_To do_
For the data below, restate word for word only the lines from the line containing "apply: (capped_bases (l" through the line containing "good_partition I E1 E2 a1 a2 ->", both ends included.

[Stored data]
"""

(* Let $M$ be a matroid of rank $r$ on a finite ground set $E$ with set of bases $\mathcal{B}(M)$, and let $(E_1,E_2)$ be a good partition of $E$ with associated integers $r_1,r_2,a_1,a_2$ (as defined in the context). Define $$\mathcal{B}_1=\{B\in\mathcal{B}(M): |B\cap E_1|\le r_1-a_1\},\qquad \mathcal{B}_2=\{B\in\mathcal{B}(M): |B\cap E_2|\le r_2-a_2\}.$$ Then $\mathcal{B}_1$ and $\mathcal{B}_2$ are each the collection of bases of a matroid on $E$.
   Context: For $A\subseteq E$, $M|_A$ denotes the restriction of $M$ to $A$, whose independent sets are the independent sets of $M$ contained in $A$; $\mathcal{I}(N)$ denotes the family of independent sets of a matroid $N$. A partition $(E_1,E_2)$ of $E$ (so $E=E_1\cup E_2$, $E_1\cap E_2=\emptyset$) with $r_i$ the rank of $M|_{E_i}$ and $r_i>1$ for $i=1,2$ is called a good partition if there exist integers $a_1,a_2$ with $0<a_1<r_1$ and $0<a_2<r_2$ such that (P1) $r_1+r_2=r+a_1+a_2$, and (P2) for every $X\in\mathcal{I}(M|_{E_1})$ with $|X|\le r_1-a_1$ and every $Y\in\mathcal{I}(M|_{E_2})$ with $|Y|\le r_2-a_2$, one has $X\cup Y\in\mathcal{I}(M)$. *)

(* A matroid on the finite ground set E is represented with
   E = the finite type T (the whole type), via its family of independent sets. *)
From mathcomp Require Import all_boot.
Set Implicit Arguments. Unset Strict Implicit. Unset Printing Implicit Defensive.

Section Matroid.
Variable T : finType.

Definition is_matroid (I : {set {set T}}) : Prop :=
  [/\ set0 \in I,
      (forall A B : {set T}, B \in I -> A \subset B -> A \in I) &
      (forall A B : {set T}, A \in I -> B \in I -> #|A| < #|B| ->
         exists2 x, x \in B :\: A & x |: A \in I)].

Definition bases (I : {set {set T}}) : {set {set T}} :=
  [set B in I | [forall C in I, (B \subset C) ==> (C == B)]].

Definition restrict (I : {set {set T}}) (A : {set T}) : {set {set T}} :=
  [set X in I | X \subset A].

Definition rk (I : {set {set T}}) (A : {set T}) : nat :=
  \max_(X in restrict I A) #|X|.

Definition mrank (I : {set {set T}}) : nat := rk I [set: T].

Definition good_partition (I : {set {set T}}) (E1 E2 : {set T}) (a1 a2 : nat)
  : Prop :=
  [/\ E1 :|: E2 = [set: T], E1 :&: E2 = set0,
      [/\ 1 < rk I E1, 1 < rk I E2, 0 < a1 < rk I E1 & 0 < a2 < rk I E2],
      rk I E1 + rk I E2 = mrank I + a1 + a2 &
      (forall X Y : {set T}, X \in restrict I E1 -> #|X| <= rk I E1 - a1 ->
          Y \in restrict I E2 -> #|Y| <= rk I E2 - a2 -> X :|: Y \in I)].

Definition is_bases_of_matroid (Bs : {set {set T}}) : Prop :=
  exists I : {set {set T}}, is_matroid I /\ bases I = Bs.

End Matroid.

(* Let (E1, E2) be a good partition of the ground set of a matroid I, with
   k = r1 - a1 and l = r2 - a2.  By (P1), k + l is the rank of I, and (P2)
   says that any independent X in E1 with |X| <= k and any independent Y in
   E2 with |Y| <= l form an independent union.  The bases B of I with
   |B n E1| <= k are then exactly the bases of the "capped" family
     I' = { X in I : |X n E1| <= k }. *)

From mathcomp Require Import all_boot zify.
Set Implicit Arguments. Unset Strict Implicit. Unset Printing Implicit Defensive.

Lemma subset_of_card (T : finType) (A : {set T}) (n : nat) :
  n <= #|A| -> exists2 B : {set T}, B \subset A & #|B| = n.
Proof.
case/card_geqP=> s [uniq_s size_s sA].
exists [set x in s]; first by apply/subsetP=> x; rewrite inE; exact: sA.
by rewrite cardsE (card_uniqP uniq_s).
Qed.

Section SplitSets.
Variables (T : finType) (E : {set T}).

Lemma join_capE (X Y : {set T}) :
  X \subset E -> Y \subset ~: E -> (X :|: Y) :&: E = X.
Proof.
move=> XE YE; have YE0 : Y :&: E = set0.
  by apply/eqP; rewrite -subset0 -(setICr E) setIC; exact: setIS.
by rewrite setIUl YE0 setU0 (setIidPl XE).
Qed.

Lemma join_diffE (X Y : {set T}) :
  X \subset E -> Y \subset ~: E -> (X :|: Y) :\: E = Y.
Proof.
move=> XE YE; have /eqP XE0 : X :\: E == set0 by rewrite setD_eq0.
by rewrite setDUl XE0 set0U setDE (setIidPl YE).
Qed.

Lemma setU1_capE (x : T) (A : {set T}) : x \notin E -> (x |: A) :&: E = A :&: E.
Proof.
move=> xE; apply/setP=> y; rewrite !inE.
by case: eqP => //= ->; rewrite (negbTE xE) !andbF.
Qed.

Lemma setU1_cap_le (x : T) (A : {set T}) : #|(x |: A) :&: E| <= #|A :&: E|.+1.
Proof.
rewrite setIUl; apply: leq_trans (leq_card_setU _ _) _.
by rewrite -add1n leq_add2r (leq_trans (subset_leq_card (subsetIl _ _))) ?cards1.
Qed.

End SplitSets.

Section MatroidFacts.
Variables (T : finType) (I : {set {set T}}).

Lemma in_restrict (E X : {set T}) :
  (X \in restrict I E) = (X \in I) && (X \subset E).
Proof. by rewrite inE. Qed.

Lemma indep_card_le_mrank (X : {set T}) : X \in I -> #|X| <= mrank I.
Proof.
move=> XI; rewrite /mrank /rk (bigD1 X) ?leq_maxl //=.
by rewrite in_restrict XI subsetT.
Qed.

(* A submatroid J of I containing an independent set of full rank has as
   bases exactly the bases of I lying in J: its bases have full rank by
   augmentation, hence are maximal in I. *)
Lemma bases_of_submatroid (J : {set {set T}}) :
  is_matroid J -> J \subset I -> (exists2 Z, Z \in J & #|Z| = mrank I) ->
  bases J = bases I :&: J.
Proof.
case=> _ _ J_aug /subsetP JI [Z ZJ cardZ].
apply/setP=> B; rewrite !inE [LHS]andbC andbAC.
have [BJ | _] := boolP (B \in J); last by rewrite !andbF.
rewrite (JI B BJ) !andbT.
apply/forall_inP/forall_inP => maxB C CI; apply/implyP => BC; last first.
  by rewrite (implyP (maxB C (JI C CI))).
have cardB : #|B| = mrank I.
  apply/eqP; rewrite eqn_leq indep_card_le_mrank ?JI //= leqNgt -cardZ.
  apply/negP=> /(J_aug _ _ BJ ZJ) [x /setDP[_ xB] xBJ].
  move: (maxB _ xBJ); rewrite subsetUr /= => /eqP/setP/(_ x).
  by rewrite !inE eqxx (negbTE xB).
by rewrite eq_sym eqEcard BC cardB indep_card_le_mrank.
Qed.

Hypothesis matI : is_matroid I.

Lemma indep_of_card (E : {set T}) (n : nat) :
  n <= rk I E -> exists2 X : {set T}, X \in restrict I E & #|X| = n.
Proof.
case: matI => I0 I_sub _ n_le.
have R0 : set0 \in restrict I E by rewrite in_restrict I0 sub0set.
move: n_le; rewrite /rk (bigmax_eq_arg _ R0).
case: arg_maxnP => // X XR _ n_le.
have /andP[XI XE] : (X \in I) && (X \subset E) by rewrite -in_restrict.
have [Y YX <-] := subset_of_card n_le.
by exists Y; rewrite // in_restrict (I_sub _ _ XI YX) (subset_trans YX XE).
Qed.

End MatroidFacts.

Section OneSidedCap.
Variables (T : finType) (I : {set {set T}}) (E : {set T}) (k l : nat).
Hypothesis matI : is_matroid I.
Hypothesis rank_sum : k + l = mrank I.
Hypothesis join_indep : forall X Y : {set T},
  X \in restrict I E -> #|X| <= k -> Y \in restrict I (~: E) -> #|Y| <= l ->
  X :|: Y \in I.

Definition capped : {set {set T}} := [set X in I | #|X :&: E| <= k].

(* Augmentation in the capped family when A already meets E in k elements:
   A has fewer than l elements outside E and fewer than B has there, so a
   suitable part Y of B \ E joins with A n E to an independent set larger
   than A; augmenting A from it must use a point of Y, which lies outside E. *)
Lemma saturated_augment (A B : {set T}) :
  A \in capped -> B \in capped -> #|A| < #|B| -> #|A :&: E| = k ->
  exists2 x, x \in B :\: A & x |: A \in capped.
Proof.
case: matI => _ I_sub I_aug; rewrite !inE => /andP[AI _] /andP[BI BEk] AB AEk.
have A_split := cardsID E A; have B_split := cardsID E B.
have AB_out : #|A :\: E| < #|B :\: E| by lia.
have [Y YB cardY] := subset_of_card AB_out.
have YE : Y \subset ~: E by rewrite (subset_trans YB) // setDE subsetIr.
have AE_E : A :&: E \subset E := subsetIr A E.
pose C := (A :&: E) :|: Y.
have CI : C \in I.
  apply: join_indep; rewrite ?in_restrict ?(I_sub _ _ AI (subsetIl A E)) ?AEk //.
    by rewrite (I_sub _ _ BI (subset_trans YB (subsetDl B E))).
  have := indep_card_le_mrank BI; lia.
have AC : #|A| < #|C|.
  by rewrite -(cardsID E C) /C (join_capE AE_E YE) (join_diffE AE_E YE); lia.
have [x /setDP[xC xA] xAI] := I_aug _ _ AI CI AC.
have xY : x \in Y by move: xC; rewrite !inE (negbTE xA).
have xE : x \notin E by have := subsetP YE x xY; rewrite inE.
exists x; first by rewrite inE xA (subsetP (subsetDl B E)) ?(subsetP YB).
by rewrite inE xAI setU1_capE // AEk /=.
Qed.

Lemma capped_sub : capped \subset I.
Proof. by apply/subsetP=> X; rewrite inE => /andP[]. Qed.

Lemma capped_matroid : is_matroid capped.
Proof.
case: matI => I0 I_sub I_aug; split.
- by rewrite inE I0 set0I cards0.
- move=> A B /[!inE] /andP[BI BEk] AB; rewrite (I_sub _ _ BI AB).
  by rewrite (leq_trans _ BEk) ?subset_leq_card ?setSI.
move=> A B Acap Bcap AB; have /[!inE] /andP[AI AEk] := Acap.
have [AE_lt | AE_ge] := ltnP #|A :&: E| k; last first.
  by apply: saturated_augment => //; apply/eqP; rewrite eqn_leq AEk.
have [x xBA xAI] := I_aug _ _ AI (subsetP capped_sub B Bcap) AB.
by exists x => //; rewrite inE xAI (leq_trans (setU1_cap_le E x A)).
Qed.

Hypothesis k_le_rk : k <= rk I E.
Hypothesis l_le_rk : l <= rk I (~: E).

Lemma capped_full : exists2 Z, Z \in capped & #|Z| = mrank I.
Proof.
have [X XR cardX] := indep_of_card matI k_le_rk.
have [Y YR cardY] := indep_of_card matI l_le_rk.
have XE : X \subset E by move: XR; rewrite in_restrict => /andP[].
have YE : Y \subset ~: E by move: YR; rewrite in_restrict => /andP[].
exists (X :|: Y).
  by rewrite inE join_indep ?cardX ?cardY // (join_capE XE YE) cardX leqnn.
by rewrite -(cardsID E (X :|: Y)) (join_capE XE YE) (join_diffE XE YE) cardX cardY.
Qed.

Lemma capped_bases :
  is_bases_of_matroid [set B in bases I | #|B :&: E| <= k].
Proof.
exists capped; split; first exact: capped_matroid.
rewrite (bases_of_submatroid capped_matroid capped_sub capped_full).
apply/setP=> B; rewrite !inE.
by case: (B \in I); rewrite /= ?andbT.
Qed.

End OneSidedCap.

Section GoodPartition.
Variables (T : finType) (I : {set {set T}}) (E1 E2 : {set T}) (a1 a2 : nat).
Hypothesis good : good_partition I E1 E2 a1 a2.

Lemma good_partition_compl : E2 = ~: E1.
Proof.
case: good => cover disj _ _ _; apply/setP=> x; rewrite inE.
move/setP/(_ x): cover; move/setP/(_ x): disj; rewrite !inE.
by case: (x \in E1); case: (x \in E2).
Qed.

Lemma good_partition_sym : good_partition I E2 E1 a2 a1.
Proof.
case: good => cover disj [r1 r2 a1_rng a2_rng] rank_eq indep.
split; rewrite 1?setUC 1?setIC //; first lia.
by move=> X Y XR cardX YR cardY; rewrite setUC indep.
Qed.

Lemma good_partition_bases :
  is_matroid I ->
  is_bases_of_matroid [set B in bases I | #|B :&: E1| <= rk I E1 - a1].
Proof.
move=> matI; have E2E1 := good_partition_compl.
case: good => _ _ [_ _ /andP[_ a1_lt] /andP[_ a2_lt]] rank_eq indep.
apply: (capped_bases (l := rk I E2 - a2)) => //.
- lia.
- by rewrite -E2E1.
- exact: leq_subr.
- by rewrite -E2E1 leq_subr.
Qed.

End GoodPartition.

Theorem lemma1 (T : finType) (I : {set {set T}}) (E1 E2 : {set T}) (a1 a2 : nat) :
  is_matroid I ->
  good_partition I E1 E2 a1 a2 ->
  is_bases_of_matroid [set B in bases I | #|B :&: E1| <= rk I E1 - a1] /\
  is_bases_of_matroid [set B in bases I | #|B :&: E2| <= rk I E2 - a2].
Proof.
move=> matI good; split; first exact: good_partition_bases good matI.
exact: good_partition_bases (good_partition_sym good) matI.
Qed.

"""

_Exercise solution_
apply: (capped_bases (l := rk I E2 - a2)) => //.
- lia.
- by rewrite -E2E1.
- exact: leq_subr.
- by rewrite -E2E1 leq_subr.
Qed.

End GoodPartition.

Theorem lemma1 (T : finType) (I : {set {set T}}) (E1 E2 : {set T}) (a1 a2 : nat) :
  is_matroid I ->
  good_partition I E1 E2 a1 a2 ->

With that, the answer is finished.